Substitute $1.84\times {10}^{-3}\text{s}$ for $t$ in equation (14).

$\begin{array}{c}{i}_L\left(1.84\times {10}^{-3}\text{s}\right)=1.33\times {10}^{-6}{e}^{-250\times 1.84\times {10}^{-3}\text{s}}-1.33\times {10}^{-6}{e}^{-1000\times 1.84\times {10}^{-3}\text{s}}\text{A}\\ \text{=}1.33\times {10}^{-6}{e}^{-0.46\text{s}}-1.33\times {10}^{-6}{e}^{-1.84\text{s}}\text{A}\\ \text{=}1.33\times {10}^{-6}\times 0.6312-1.33\times {10}^{-6}\times 0.158\text{A}\\ \text{=}0.839\times {10}^{-6}-0.211\times {\text{10}}^{-6}\text{A}\end{array}$

$i_L\left(1.84\times {10}^{-3}\text{s}\right)=6.28\times {10}^{-7}\text{A}$ (15)

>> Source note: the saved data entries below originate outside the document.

Lemma normalize_col_a i : normalize_col i a = 1.
Proof.
by rewrite mxE; apply: (mul_unitC_l (H_unit i a)); apply: (mul_unitC_l (H_unit 0 a)); ring.
Qed.

Lemma normalize_col_row0 j : normalize_col 0 j = 1.
Proof.
by rewrite mxE; apply: (mul_unitC_l (H_unit 0 j)); apply: (mul_unitC_l (H_unit 0 a)); ring.
Qed.

Lemma normalize_col_dephased i b :
  ((dephased H) i a)^* * (dephased H) i b = normalize_col i b.
Proof.
rewrite !mxE !rmorphM /= !conjCK.
by apply: (mul_unitC_l (H_unit i 0)); apply: (mul_unitC_l (H_unit 0 0)); ring.
Qed.

Lemma normalize_colE i j : H i j = H i a * normalize_col i j * (H 0 j * (H 0 a)^*).
Proof.
rewrite mxE; apply: esym; apply: (mul_unitC_l (H_unit i a)).
by apply: (mul_unitC_l (H_unit 0 j)); apply: (mul_unitC_l (H_unit 0 a)); ring.
Qed.

End NormalizeColumn.

Lemma ER_col_F6_equiv (H : 'M[C]_6) a b :
  is_complex_hadamard H -> ER_col (dephased H) a b ->
  exists s t, hadamard_equiv (F6_dephase (Rab s t)) H.
Proof.
case=> H_unimod H_ortho /andP [ab /forallP ab_ER].
have H_unit i j : H i j * (H i j)^* = 1 by apply/unimodularE.
have G_col_b i : normalize_col H a i b = 1 \/ normalize_col H a i b = -1.
  by rewrite -normalize_col_dephased //; case/orP: (ab_ER i) => /eqP; [left | right].
have [rho [kap [e1 [e2 [rho_inj kap_inj e1_unit e2_unit GE]]]]] :=
  normalized_F6_form w6_exp3 w6_exp2_neq1 ab (normalize_col_unit a H_unit)
    (fun j k jk => normalize_col_ortho a H_unit (H_ortho j k jk))
    (normalize_col_a a H_unit) (normalize_col_row0 a H_unit) G_col_b.
have [[s e1E] [t e2E]] := (expi_surj e1_unit, expi_surj e2_unit).
exists s, t; apply: (hadamard_equiv_of_reindex (d := fun i => H i a)
  (e := fun j => H 0 j * (H 0 a)^*) rho_inj kap_inj) => // [j|r k].
  exact: unitC_mul (unitC_conj _).
by rewrite F6_dephaseE e1E e2E -GE -normalize_colE.
Qed.

(* Columns 0 and 3 of F_6 o exp(i R(a, b)) are 1 and ((-1)^r)_r. *)
Lemma F6_equiv_ER_col (H : 'M[C]_6) s t :
  (forall i j, unimodular (H i j)) -> hadamard_equiv (F6_dephase (Rab s t)) H ->
  exists a b, ER_col (dephased H) a b.
Proof.
move=> H_unimod /hadamard_equivP [d [e [p [q [d_unit e_unit HE]]]]].
have H_unit i j : H i j * (H i j)^* = 1 by apply/unimodularE.
pose col0 : 'I_6 := Ordinal (isT : (0 < 6)%N).
pose col3 : 'I_6 := Ordinal (isT : (3 < 6)%N).
have K_col0 r : F6_dephase (Rab s t) r col0 = 1.
  by rewrite F6_dephaseE /Rab_phase muln0 expr0 mul1r; case: odd.
have K_col3 r : F6_dephase (Rab s t) r col3 = (-1) ^+ r.
  by rewrite F6_dephaseE /Rab_phase mulnC exprM w6_exp3; case: odd; rewrite mulr1.
exists (q^-1 col0)%g, (q^-1 col3)%g; apply/andP; split.
  by apply/eqP => /perm_inj.
apply/forallP => i; rewrite normalize_col_dephased // mxE !HE !permKV !K_col0 !K_col3.
rewrite (_ : _ * _ = (-1) ^+ (p i + p 0)).
  by rewrite -signr_odd; case: odd; rewrite eqxx ?orbT.
rewrite !rmorphM /= rmorphXn rmorphN1 rmorph1 exprD.
apply: (mul_unitC_l (d_unit i)); apply: (mul_unitC_l (d_unit 0)).
apply: (mul_unitC_l (e_unit (q^-1 col0)%g)).
by apply: (mul_unitC_l (e_unit (q^-1 col3)%g)); ring.
Qed.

This is the maximum inductor current.

Conclusion:

Thus, the maximum inductor current is $6.28\times {10}^{-7}\text{A}$ and maximum current occurs at $1.84\times {10}^{-3}\text{s}$.

To determine

Find the settling time.

Answer to Problem 16E

The settling time of the voltage $t_s$ is. $21.4\times {10}^{-3}\text{s}$.

Explanation of Solution

Calculation:

The settling time is the time at which inductor current reaches to $1\text{}\text{\%}$ of its maximum value.

$i_L\left(t_s\right)=\frac{1}{100}\times i_L{\left(t\right)}_{\text{max}}$ (16)

Substitute $6.28\times {10}^{-7}\text{A}$ for $i_L{\left(t\right)}_{\text{max}}$ in equation (16).

$\begin{array}{c}{i}_L\left(t_s\right)=\frac{1}{100}\times 6.28\times {10}^{-7}\text{A}\\ =6.28\times {10}^{-9}\text{A}\end{array}$

The settling time is the time at which the inductor current is decreased to $6.28\times {10}^{-9}\text{A}$ and is expressed as follows:

$\text{1}\text{.33}\times {10}^{-6}\left(e^{-250t_s}-e^{-1000t_s}\right)\text{A = }6.28\times {10}^{-9}\text{A}$ (17)

Equation (17) is solved by scientific calculator which can determine the value of time $t_s$ at which current gets settled.

$t_s=21.4\times {10}^{-3}\text{s}$

Conclusion:

Thus, the settling time of the inductor current $t_s$ is $21.4\times {10}^{-3}\text{s}$.